**** Material for the task ****

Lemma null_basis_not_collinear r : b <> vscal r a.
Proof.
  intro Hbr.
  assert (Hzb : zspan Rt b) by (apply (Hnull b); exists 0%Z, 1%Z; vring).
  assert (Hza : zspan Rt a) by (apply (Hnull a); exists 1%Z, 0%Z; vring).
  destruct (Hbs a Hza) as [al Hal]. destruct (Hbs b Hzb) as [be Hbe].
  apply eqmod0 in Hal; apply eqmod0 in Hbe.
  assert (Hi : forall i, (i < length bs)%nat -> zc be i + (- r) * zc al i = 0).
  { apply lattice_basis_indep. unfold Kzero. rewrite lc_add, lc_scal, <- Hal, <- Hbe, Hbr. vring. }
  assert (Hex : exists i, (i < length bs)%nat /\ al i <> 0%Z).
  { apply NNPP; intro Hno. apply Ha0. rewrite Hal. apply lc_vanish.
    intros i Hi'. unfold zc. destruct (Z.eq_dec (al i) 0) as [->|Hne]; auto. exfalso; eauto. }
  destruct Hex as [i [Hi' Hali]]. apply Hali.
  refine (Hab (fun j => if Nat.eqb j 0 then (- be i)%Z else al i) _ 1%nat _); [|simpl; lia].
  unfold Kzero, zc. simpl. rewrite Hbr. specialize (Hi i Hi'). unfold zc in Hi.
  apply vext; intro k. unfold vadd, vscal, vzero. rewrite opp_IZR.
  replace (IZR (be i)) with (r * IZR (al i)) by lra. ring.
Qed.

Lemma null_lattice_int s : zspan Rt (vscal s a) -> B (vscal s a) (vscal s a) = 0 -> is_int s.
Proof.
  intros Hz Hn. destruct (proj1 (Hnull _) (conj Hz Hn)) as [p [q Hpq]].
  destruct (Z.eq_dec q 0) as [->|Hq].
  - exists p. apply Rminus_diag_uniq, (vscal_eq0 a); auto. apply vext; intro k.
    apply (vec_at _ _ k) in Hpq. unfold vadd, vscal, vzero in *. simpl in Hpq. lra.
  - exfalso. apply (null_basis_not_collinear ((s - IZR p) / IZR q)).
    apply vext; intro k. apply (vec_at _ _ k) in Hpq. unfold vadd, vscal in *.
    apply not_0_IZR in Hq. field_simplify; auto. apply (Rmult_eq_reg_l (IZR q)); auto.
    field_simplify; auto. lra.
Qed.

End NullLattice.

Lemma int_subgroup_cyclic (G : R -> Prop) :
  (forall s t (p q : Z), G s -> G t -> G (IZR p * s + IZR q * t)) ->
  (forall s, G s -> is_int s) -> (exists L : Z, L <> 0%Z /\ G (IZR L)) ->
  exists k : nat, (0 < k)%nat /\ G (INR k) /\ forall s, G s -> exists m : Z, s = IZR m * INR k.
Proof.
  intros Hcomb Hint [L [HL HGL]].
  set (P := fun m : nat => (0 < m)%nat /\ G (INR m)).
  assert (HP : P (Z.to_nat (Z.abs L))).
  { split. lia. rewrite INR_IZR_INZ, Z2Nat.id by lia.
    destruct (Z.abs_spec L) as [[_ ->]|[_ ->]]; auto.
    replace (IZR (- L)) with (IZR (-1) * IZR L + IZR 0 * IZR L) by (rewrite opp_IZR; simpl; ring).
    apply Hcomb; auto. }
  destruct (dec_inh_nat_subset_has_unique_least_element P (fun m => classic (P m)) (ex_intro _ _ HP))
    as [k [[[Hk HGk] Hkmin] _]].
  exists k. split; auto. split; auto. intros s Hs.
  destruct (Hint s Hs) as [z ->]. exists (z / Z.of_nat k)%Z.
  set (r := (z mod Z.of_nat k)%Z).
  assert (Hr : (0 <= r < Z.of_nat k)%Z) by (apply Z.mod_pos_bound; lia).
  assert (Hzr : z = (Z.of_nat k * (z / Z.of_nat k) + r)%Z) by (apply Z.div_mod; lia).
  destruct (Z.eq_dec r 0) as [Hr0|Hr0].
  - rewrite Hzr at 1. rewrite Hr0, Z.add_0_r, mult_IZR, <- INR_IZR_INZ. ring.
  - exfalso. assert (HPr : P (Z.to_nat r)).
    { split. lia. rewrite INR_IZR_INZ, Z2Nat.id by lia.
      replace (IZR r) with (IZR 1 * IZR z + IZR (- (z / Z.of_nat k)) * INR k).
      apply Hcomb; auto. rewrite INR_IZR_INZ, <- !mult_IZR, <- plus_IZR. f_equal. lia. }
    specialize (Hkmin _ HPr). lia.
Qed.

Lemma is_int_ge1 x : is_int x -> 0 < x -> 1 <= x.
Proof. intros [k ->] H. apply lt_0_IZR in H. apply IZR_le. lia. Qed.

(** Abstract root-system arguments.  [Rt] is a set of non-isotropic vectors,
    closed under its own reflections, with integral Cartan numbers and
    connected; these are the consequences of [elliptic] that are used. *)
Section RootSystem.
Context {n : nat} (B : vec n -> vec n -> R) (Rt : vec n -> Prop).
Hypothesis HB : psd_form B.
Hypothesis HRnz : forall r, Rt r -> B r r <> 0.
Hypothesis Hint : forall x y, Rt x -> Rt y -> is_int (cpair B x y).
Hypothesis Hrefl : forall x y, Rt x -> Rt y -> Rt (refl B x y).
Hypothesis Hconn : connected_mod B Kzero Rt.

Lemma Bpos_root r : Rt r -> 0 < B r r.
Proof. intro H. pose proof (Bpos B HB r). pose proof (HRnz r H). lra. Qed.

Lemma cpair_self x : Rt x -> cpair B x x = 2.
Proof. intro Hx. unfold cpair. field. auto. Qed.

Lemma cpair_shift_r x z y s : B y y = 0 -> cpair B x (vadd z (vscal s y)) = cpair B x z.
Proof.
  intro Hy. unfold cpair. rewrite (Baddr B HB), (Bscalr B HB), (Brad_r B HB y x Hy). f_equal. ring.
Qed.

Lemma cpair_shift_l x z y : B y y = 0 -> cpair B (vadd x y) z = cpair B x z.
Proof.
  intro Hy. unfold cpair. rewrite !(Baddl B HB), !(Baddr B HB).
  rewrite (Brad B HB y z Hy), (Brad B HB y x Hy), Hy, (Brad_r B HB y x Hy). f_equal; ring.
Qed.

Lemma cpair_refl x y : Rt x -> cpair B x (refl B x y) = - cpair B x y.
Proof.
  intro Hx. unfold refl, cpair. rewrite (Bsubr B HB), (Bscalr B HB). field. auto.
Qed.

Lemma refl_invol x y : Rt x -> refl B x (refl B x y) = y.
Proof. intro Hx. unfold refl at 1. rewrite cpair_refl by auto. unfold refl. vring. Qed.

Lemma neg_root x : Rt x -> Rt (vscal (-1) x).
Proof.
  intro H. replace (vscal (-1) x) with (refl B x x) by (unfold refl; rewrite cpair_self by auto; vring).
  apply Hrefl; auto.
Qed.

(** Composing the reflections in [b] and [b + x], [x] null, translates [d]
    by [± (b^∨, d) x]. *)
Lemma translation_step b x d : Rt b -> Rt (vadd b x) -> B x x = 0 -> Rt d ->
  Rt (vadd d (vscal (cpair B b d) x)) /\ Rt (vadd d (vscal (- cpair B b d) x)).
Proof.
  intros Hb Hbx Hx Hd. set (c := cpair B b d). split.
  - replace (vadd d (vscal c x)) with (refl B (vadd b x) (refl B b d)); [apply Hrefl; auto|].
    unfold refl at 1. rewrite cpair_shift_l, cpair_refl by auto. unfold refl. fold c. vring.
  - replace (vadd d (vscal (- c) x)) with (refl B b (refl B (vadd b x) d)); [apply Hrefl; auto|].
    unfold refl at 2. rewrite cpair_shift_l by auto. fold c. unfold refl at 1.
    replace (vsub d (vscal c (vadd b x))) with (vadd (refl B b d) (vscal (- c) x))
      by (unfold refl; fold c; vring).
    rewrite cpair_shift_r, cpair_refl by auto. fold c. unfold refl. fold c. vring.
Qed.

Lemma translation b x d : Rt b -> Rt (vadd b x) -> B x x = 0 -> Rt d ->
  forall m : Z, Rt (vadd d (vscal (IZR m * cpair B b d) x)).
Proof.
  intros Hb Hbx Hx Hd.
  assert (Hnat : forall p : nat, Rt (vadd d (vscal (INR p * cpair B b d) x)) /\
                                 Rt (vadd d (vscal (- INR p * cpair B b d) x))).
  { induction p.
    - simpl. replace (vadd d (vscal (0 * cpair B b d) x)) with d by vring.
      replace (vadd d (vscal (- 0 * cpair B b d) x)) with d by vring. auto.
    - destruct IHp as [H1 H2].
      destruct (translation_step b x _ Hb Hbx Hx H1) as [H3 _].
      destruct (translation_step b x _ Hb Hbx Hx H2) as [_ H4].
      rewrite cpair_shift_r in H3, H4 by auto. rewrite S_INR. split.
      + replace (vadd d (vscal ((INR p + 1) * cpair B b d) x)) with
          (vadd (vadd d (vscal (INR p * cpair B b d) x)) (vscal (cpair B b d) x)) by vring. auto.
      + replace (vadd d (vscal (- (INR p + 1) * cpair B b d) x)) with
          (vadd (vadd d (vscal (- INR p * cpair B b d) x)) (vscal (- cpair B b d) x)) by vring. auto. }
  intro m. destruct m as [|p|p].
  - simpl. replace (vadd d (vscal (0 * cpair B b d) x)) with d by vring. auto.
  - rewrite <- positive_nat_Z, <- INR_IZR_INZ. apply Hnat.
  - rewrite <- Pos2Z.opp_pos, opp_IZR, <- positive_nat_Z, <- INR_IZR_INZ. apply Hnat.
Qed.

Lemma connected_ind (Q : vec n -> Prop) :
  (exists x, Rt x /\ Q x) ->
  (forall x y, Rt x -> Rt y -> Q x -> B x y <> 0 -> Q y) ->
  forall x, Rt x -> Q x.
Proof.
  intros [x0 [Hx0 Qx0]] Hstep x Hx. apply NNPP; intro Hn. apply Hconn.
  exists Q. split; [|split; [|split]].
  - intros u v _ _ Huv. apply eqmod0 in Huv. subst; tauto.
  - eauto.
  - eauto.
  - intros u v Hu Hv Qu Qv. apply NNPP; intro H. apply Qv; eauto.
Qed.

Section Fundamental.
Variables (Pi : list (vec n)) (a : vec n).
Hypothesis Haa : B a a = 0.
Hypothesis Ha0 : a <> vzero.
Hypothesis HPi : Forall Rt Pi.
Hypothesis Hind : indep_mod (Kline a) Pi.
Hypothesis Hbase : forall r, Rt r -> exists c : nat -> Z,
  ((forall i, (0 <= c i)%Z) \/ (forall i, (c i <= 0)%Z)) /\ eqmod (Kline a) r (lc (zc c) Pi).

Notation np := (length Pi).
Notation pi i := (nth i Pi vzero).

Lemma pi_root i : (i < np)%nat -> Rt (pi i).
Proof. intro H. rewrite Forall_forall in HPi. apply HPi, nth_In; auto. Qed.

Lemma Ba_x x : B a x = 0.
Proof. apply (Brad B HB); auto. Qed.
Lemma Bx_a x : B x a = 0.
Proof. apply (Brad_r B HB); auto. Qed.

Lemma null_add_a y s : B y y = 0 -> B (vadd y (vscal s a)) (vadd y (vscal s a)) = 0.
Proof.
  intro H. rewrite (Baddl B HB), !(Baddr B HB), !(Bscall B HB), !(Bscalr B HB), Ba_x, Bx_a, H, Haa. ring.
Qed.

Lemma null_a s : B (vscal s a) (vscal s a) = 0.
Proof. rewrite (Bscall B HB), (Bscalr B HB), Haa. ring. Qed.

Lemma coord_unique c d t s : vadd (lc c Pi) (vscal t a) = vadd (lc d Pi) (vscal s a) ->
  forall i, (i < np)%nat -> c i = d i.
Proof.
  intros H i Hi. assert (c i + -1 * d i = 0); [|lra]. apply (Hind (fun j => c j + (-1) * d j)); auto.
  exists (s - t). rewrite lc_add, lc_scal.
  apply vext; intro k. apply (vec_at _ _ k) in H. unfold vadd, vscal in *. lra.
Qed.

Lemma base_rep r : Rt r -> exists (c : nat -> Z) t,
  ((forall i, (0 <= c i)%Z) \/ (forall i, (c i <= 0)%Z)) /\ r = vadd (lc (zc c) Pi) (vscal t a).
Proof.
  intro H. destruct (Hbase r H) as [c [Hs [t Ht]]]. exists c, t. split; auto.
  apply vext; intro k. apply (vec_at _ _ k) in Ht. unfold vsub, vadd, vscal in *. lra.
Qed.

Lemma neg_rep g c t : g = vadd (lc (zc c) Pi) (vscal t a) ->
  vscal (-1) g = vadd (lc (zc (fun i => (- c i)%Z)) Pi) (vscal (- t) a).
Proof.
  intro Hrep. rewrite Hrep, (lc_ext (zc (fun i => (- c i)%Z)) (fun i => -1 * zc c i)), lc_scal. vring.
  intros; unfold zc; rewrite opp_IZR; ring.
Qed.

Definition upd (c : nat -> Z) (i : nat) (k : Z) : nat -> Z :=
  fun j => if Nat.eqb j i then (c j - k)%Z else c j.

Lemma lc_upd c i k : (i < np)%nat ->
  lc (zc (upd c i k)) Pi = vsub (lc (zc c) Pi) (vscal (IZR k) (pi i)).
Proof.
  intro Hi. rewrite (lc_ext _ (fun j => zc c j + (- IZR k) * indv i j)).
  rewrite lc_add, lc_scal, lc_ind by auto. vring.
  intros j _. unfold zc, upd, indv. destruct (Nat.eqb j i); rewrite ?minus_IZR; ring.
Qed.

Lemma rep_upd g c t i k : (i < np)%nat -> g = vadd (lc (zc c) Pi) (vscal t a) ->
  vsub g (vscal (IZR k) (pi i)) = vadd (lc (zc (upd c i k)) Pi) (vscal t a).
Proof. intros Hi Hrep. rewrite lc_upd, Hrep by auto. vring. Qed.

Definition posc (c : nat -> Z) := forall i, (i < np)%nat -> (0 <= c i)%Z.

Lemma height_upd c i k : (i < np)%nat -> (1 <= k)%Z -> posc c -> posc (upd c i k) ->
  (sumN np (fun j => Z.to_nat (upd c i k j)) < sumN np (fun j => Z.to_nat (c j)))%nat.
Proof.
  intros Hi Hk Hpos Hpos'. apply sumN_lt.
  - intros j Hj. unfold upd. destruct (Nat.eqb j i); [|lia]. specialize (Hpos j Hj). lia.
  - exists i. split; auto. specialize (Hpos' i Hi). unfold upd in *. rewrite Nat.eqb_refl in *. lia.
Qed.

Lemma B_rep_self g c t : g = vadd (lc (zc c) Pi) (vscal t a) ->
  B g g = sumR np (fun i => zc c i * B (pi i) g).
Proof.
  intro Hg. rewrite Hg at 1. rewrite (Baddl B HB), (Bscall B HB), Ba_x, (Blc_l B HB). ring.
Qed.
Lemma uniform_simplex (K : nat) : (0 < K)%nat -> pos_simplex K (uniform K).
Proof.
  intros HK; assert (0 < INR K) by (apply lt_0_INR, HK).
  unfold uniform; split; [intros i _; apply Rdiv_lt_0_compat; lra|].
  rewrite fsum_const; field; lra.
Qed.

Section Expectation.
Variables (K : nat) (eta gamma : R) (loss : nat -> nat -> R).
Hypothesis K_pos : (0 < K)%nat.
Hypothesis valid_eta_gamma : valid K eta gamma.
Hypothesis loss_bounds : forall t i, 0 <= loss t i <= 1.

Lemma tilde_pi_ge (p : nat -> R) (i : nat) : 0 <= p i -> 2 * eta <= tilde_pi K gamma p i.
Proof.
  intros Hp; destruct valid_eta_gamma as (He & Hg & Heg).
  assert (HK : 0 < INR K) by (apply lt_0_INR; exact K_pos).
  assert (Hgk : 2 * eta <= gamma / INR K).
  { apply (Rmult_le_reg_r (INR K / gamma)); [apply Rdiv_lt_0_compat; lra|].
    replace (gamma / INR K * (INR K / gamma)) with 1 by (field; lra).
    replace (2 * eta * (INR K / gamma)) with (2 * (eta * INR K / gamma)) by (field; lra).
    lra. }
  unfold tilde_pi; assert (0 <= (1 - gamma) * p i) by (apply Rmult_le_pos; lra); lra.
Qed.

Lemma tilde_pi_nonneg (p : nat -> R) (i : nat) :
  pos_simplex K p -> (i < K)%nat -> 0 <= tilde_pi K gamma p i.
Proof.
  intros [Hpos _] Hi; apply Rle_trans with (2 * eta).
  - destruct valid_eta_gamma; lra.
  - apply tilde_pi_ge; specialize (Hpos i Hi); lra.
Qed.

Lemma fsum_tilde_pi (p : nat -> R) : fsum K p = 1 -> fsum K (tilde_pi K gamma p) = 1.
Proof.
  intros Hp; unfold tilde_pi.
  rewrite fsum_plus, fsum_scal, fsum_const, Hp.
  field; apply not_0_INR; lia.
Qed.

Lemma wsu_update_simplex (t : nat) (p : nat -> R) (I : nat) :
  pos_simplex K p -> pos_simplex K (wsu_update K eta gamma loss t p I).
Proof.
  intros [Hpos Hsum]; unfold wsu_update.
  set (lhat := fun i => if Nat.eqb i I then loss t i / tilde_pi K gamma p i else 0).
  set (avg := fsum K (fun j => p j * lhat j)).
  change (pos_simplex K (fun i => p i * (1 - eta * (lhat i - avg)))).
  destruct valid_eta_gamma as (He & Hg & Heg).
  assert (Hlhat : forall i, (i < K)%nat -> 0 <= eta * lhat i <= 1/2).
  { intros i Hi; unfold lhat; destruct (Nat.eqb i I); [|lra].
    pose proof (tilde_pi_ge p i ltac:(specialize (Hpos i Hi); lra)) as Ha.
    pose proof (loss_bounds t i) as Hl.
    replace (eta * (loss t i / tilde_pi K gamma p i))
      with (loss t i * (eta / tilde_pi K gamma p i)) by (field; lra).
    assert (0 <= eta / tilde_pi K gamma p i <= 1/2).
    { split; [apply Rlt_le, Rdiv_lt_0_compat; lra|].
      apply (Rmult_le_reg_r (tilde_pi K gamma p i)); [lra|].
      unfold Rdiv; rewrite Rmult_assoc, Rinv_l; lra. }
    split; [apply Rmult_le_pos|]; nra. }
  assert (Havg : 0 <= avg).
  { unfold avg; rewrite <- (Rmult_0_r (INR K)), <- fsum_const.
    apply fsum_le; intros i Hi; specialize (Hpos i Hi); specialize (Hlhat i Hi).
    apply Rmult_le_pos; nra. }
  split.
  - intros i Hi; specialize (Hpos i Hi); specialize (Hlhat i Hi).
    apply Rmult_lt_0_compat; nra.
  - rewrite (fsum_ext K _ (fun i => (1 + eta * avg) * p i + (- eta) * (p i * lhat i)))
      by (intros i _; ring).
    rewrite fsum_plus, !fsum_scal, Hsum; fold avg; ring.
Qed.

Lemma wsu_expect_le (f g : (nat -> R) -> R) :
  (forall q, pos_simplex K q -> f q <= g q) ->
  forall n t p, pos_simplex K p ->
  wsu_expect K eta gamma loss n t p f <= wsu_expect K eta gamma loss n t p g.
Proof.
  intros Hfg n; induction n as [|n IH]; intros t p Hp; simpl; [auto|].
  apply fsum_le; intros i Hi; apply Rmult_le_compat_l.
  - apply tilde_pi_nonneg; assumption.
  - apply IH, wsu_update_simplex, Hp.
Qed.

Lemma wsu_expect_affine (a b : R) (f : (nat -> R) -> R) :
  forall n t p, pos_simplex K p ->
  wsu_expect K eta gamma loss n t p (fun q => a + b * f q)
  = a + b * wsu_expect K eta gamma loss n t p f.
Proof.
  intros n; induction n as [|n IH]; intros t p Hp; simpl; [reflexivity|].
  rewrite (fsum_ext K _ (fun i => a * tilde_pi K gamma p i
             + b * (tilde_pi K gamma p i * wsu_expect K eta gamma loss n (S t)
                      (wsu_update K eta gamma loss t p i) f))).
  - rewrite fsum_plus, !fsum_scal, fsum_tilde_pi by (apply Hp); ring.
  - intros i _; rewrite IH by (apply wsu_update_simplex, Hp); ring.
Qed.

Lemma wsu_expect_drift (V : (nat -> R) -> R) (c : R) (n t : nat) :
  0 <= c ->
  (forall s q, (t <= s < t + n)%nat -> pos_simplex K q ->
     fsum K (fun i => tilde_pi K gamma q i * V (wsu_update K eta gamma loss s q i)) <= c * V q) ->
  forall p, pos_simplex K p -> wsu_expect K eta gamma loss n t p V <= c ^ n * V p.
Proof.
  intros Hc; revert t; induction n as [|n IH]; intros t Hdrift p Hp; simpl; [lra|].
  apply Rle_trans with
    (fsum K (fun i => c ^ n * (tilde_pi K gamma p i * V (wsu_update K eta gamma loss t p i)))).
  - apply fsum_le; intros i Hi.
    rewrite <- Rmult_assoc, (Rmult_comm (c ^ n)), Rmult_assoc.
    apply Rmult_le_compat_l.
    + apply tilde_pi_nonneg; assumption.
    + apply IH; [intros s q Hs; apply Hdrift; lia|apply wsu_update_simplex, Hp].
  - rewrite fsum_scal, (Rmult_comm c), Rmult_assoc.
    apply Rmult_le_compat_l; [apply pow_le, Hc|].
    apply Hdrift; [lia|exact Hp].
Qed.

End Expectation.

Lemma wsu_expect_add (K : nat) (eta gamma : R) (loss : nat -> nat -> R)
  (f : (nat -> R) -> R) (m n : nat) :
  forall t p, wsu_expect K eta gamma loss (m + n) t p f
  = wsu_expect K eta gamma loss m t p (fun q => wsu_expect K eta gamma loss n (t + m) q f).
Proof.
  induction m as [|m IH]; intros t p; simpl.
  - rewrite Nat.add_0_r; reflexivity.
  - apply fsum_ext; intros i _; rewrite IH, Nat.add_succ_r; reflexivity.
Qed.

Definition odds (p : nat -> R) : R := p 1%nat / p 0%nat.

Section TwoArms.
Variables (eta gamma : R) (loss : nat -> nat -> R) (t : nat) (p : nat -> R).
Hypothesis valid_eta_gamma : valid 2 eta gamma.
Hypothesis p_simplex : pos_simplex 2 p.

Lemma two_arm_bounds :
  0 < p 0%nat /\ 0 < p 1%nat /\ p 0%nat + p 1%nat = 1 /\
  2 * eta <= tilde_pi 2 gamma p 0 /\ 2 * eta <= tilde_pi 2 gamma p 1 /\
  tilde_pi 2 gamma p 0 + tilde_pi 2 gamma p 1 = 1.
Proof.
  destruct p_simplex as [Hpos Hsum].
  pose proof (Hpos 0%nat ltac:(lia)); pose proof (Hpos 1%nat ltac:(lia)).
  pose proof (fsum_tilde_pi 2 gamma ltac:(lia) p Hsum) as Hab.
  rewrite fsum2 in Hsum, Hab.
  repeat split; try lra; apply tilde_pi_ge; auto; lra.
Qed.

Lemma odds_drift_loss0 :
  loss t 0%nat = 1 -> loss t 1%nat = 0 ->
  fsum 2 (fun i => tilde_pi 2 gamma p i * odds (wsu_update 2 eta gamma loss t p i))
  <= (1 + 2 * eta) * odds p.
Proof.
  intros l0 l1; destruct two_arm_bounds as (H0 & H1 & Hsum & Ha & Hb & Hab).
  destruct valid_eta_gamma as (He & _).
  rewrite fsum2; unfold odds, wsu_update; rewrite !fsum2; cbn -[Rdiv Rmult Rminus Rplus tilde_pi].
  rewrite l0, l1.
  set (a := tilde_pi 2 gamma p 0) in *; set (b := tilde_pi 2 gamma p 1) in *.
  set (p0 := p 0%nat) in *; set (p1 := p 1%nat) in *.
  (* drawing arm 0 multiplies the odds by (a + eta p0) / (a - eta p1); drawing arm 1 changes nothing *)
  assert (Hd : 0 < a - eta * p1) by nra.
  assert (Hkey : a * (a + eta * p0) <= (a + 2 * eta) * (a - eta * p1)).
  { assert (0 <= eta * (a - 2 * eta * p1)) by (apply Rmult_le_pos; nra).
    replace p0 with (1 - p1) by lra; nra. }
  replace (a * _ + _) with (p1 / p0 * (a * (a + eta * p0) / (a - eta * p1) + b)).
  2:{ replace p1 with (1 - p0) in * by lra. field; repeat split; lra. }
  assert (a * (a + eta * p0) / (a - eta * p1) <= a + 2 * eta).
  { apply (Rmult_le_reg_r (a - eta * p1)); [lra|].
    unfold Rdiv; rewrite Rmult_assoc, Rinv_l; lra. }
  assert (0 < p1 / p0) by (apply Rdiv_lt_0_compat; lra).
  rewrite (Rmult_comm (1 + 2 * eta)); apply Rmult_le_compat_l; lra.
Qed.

****

→ **Aim of the exercise**
All lines above from the one with "(** Composing the" to the one with "Lemma translation b", inclusive, should be copied exactly, and no other lines.

→ **Task solution**
(** Composing the reflections in [b] and [b + x], [x] null, translates [d]
    by [± (b^∨, d) x]. *)
Lemma translation_step b x d : Rt b -> Rt (vadd b x) -> B x x = 0 -> Rt d ->
  Rt (vadd d (vscal (cpair B b d) x)) /\ Rt (vadd d (vscal (- cpair B b d) x)).
Proof.
  intros Hb Hbx Hx Hd. set (c := cpair B b d). split.
  - replace (vadd d (vscal c x)) with (refl B (vadd b x) (refl B b d)); [apply Hrefl; auto|].
    unfold refl at 1. rewrite cpair_shift_l, cpair_refl by auto. unfold refl. fold c. vring.
  - replace (vadd d (vscal (- c) x)) with (refl B b (refl B (vadd b x) d)); [apply Hrefl; auto|].
    unfold refl at 2. rewrite cpair_shift_l by auto. fold c. unfold refl at 1.
    replace (vsub d (vscal c (vadd b x))) with (vadd (refl B b d) (vscal (- c) x))
      by (unfold refl; fold c; vring).
    rewrite cpair_shift_r, cpair_refl by auto. fold c. unfold refl. fold c. vring.
Qed.

Lemma translation b x d : Rt b -> Rt (vadd b x) -> B x x = 0 -> Rt d ->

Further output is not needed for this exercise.